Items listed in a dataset
________________________________________
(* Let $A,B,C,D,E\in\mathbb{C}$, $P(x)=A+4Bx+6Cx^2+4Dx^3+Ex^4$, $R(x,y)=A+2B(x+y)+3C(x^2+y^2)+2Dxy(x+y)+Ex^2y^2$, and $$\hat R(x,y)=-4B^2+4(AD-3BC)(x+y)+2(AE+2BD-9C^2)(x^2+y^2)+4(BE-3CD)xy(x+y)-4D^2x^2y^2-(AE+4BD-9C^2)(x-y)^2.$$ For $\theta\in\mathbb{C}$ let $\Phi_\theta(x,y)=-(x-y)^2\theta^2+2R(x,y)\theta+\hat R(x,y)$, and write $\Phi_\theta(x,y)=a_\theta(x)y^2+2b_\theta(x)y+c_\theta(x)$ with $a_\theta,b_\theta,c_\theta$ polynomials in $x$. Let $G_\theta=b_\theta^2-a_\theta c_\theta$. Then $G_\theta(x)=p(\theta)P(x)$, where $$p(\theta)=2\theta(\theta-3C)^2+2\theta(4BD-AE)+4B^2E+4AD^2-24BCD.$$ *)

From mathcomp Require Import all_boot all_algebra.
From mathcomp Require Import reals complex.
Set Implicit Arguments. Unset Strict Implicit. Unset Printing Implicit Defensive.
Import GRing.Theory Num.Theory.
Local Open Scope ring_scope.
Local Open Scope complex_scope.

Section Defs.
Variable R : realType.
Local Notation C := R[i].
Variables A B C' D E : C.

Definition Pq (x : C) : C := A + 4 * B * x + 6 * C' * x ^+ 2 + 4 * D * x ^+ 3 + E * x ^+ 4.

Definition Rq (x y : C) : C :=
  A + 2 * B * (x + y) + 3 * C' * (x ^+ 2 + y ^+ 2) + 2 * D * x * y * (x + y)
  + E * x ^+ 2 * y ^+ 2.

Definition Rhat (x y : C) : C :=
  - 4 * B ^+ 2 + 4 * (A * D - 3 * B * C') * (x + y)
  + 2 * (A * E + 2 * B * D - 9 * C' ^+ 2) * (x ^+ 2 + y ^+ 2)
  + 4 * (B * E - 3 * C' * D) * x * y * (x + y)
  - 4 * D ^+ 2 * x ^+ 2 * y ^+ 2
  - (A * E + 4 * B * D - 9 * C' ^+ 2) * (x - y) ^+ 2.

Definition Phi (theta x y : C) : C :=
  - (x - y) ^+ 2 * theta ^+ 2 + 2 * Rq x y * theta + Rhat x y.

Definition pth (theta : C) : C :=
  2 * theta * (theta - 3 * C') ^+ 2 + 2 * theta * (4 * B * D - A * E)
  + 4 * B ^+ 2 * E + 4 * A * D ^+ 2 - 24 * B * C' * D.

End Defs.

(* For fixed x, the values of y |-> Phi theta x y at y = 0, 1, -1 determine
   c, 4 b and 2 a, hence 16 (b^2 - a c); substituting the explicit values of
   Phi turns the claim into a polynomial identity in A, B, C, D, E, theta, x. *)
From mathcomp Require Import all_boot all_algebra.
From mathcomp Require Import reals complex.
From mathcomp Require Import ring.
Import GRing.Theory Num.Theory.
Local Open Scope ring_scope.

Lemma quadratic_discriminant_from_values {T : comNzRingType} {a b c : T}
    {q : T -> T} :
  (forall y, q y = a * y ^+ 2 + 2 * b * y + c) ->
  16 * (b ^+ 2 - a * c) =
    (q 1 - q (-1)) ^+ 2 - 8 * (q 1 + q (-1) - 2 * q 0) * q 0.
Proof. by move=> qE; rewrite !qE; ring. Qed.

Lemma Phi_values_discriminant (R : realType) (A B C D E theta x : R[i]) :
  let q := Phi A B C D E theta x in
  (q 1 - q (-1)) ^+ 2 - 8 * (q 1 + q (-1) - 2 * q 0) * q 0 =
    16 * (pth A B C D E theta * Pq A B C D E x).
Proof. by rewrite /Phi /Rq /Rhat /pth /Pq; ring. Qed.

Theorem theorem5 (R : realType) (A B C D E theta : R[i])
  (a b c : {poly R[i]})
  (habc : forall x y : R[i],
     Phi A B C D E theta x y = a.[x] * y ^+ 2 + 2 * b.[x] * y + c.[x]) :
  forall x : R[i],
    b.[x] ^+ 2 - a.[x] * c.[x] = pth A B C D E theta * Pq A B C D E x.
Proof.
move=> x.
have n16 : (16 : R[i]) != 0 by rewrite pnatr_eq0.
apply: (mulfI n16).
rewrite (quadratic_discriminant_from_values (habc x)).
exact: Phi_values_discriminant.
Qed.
________________________________________
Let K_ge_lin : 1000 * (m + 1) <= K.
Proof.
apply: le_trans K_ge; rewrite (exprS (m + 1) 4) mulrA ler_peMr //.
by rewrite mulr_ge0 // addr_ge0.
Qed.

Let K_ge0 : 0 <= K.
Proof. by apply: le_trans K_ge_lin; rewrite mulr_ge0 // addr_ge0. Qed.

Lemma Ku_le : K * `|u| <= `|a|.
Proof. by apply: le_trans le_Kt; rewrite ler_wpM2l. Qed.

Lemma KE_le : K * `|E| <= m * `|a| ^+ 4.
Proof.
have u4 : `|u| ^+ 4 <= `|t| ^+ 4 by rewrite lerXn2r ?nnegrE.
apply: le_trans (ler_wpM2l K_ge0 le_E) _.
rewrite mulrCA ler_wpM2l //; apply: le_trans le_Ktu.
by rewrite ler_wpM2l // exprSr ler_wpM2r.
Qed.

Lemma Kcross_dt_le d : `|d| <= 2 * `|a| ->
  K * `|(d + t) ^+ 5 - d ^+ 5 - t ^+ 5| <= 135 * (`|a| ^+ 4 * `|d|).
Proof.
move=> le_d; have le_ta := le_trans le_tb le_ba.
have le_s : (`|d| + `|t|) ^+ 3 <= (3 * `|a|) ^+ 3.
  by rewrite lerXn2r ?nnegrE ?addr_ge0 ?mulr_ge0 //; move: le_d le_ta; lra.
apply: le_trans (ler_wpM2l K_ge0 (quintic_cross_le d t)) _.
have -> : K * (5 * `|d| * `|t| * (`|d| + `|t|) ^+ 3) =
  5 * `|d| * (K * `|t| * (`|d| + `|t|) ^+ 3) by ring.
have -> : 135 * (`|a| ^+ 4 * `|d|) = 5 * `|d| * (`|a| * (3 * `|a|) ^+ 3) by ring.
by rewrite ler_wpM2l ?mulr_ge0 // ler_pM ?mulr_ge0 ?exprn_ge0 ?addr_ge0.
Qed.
________________________________________
- YOUR GOAL
From the entries above, extract only the lines running from the one containing "R(x,y)$, and write" through the one containing "Variables A B C' D E : C.", inclusive.

- WRITTEN RESPONSE
(* Let $A,B,C,D,E\in\mathbb{C}$, $P(x)=A+4Bx+6Cx^2+4Dx^3+Ex^4$, $R(x,y)=A+2B(x+y)+3C(x^2+y^2)+2Dxy(x+y)+Ex^2y^2$, and $$\hat R(x,y)=-4B^2+4(AD-3BC)(x+y)+2(AE+2BD-9C^2)(x^2+y^2)+4(BE-3CD)xy(x+y)-4D^2x^2y^2-(AE+4BD-9C^2)(x-y)^2.$$ For $\theta\in\mathbb{C}$ let $\Phi_\theta(x,y)=-(x-y)^2\theta^2+2R(x,y)\theta+\hat R(x,y)$, and write $\Phi_\theta(x,y)=a_\theta(x)y^2+2b_\theta(x)y+c_\theta(x)$ with $a_\theta,b_\theta,c_\theta$ polynomials in $x$. Let $G_\theta=b_\theta^2-a_\theta c_\theta$. Then $G_\theta(x)=p(\theta)P(x)$, where $$p(\theta)=2\theta(\theta-3C)^2+2\theta(4BD-AE)+4B^2E+4AD^2-24BCD.$$ *)

From mathcomp Require Import all_boot all_algebra.
From mathcomp Require Import reals complex.
Set Implicit Arguments. Unset Strict Implicit. Unset Printing Implicit Defensive.
Import GRing.Theory Num.Theory.
Local Open Scope ring_scope.
Local Open Scope complex_scope.

Section Defs.
Variable R : realType.
Local Notation C := R[i].
Variables A B C' D E : C.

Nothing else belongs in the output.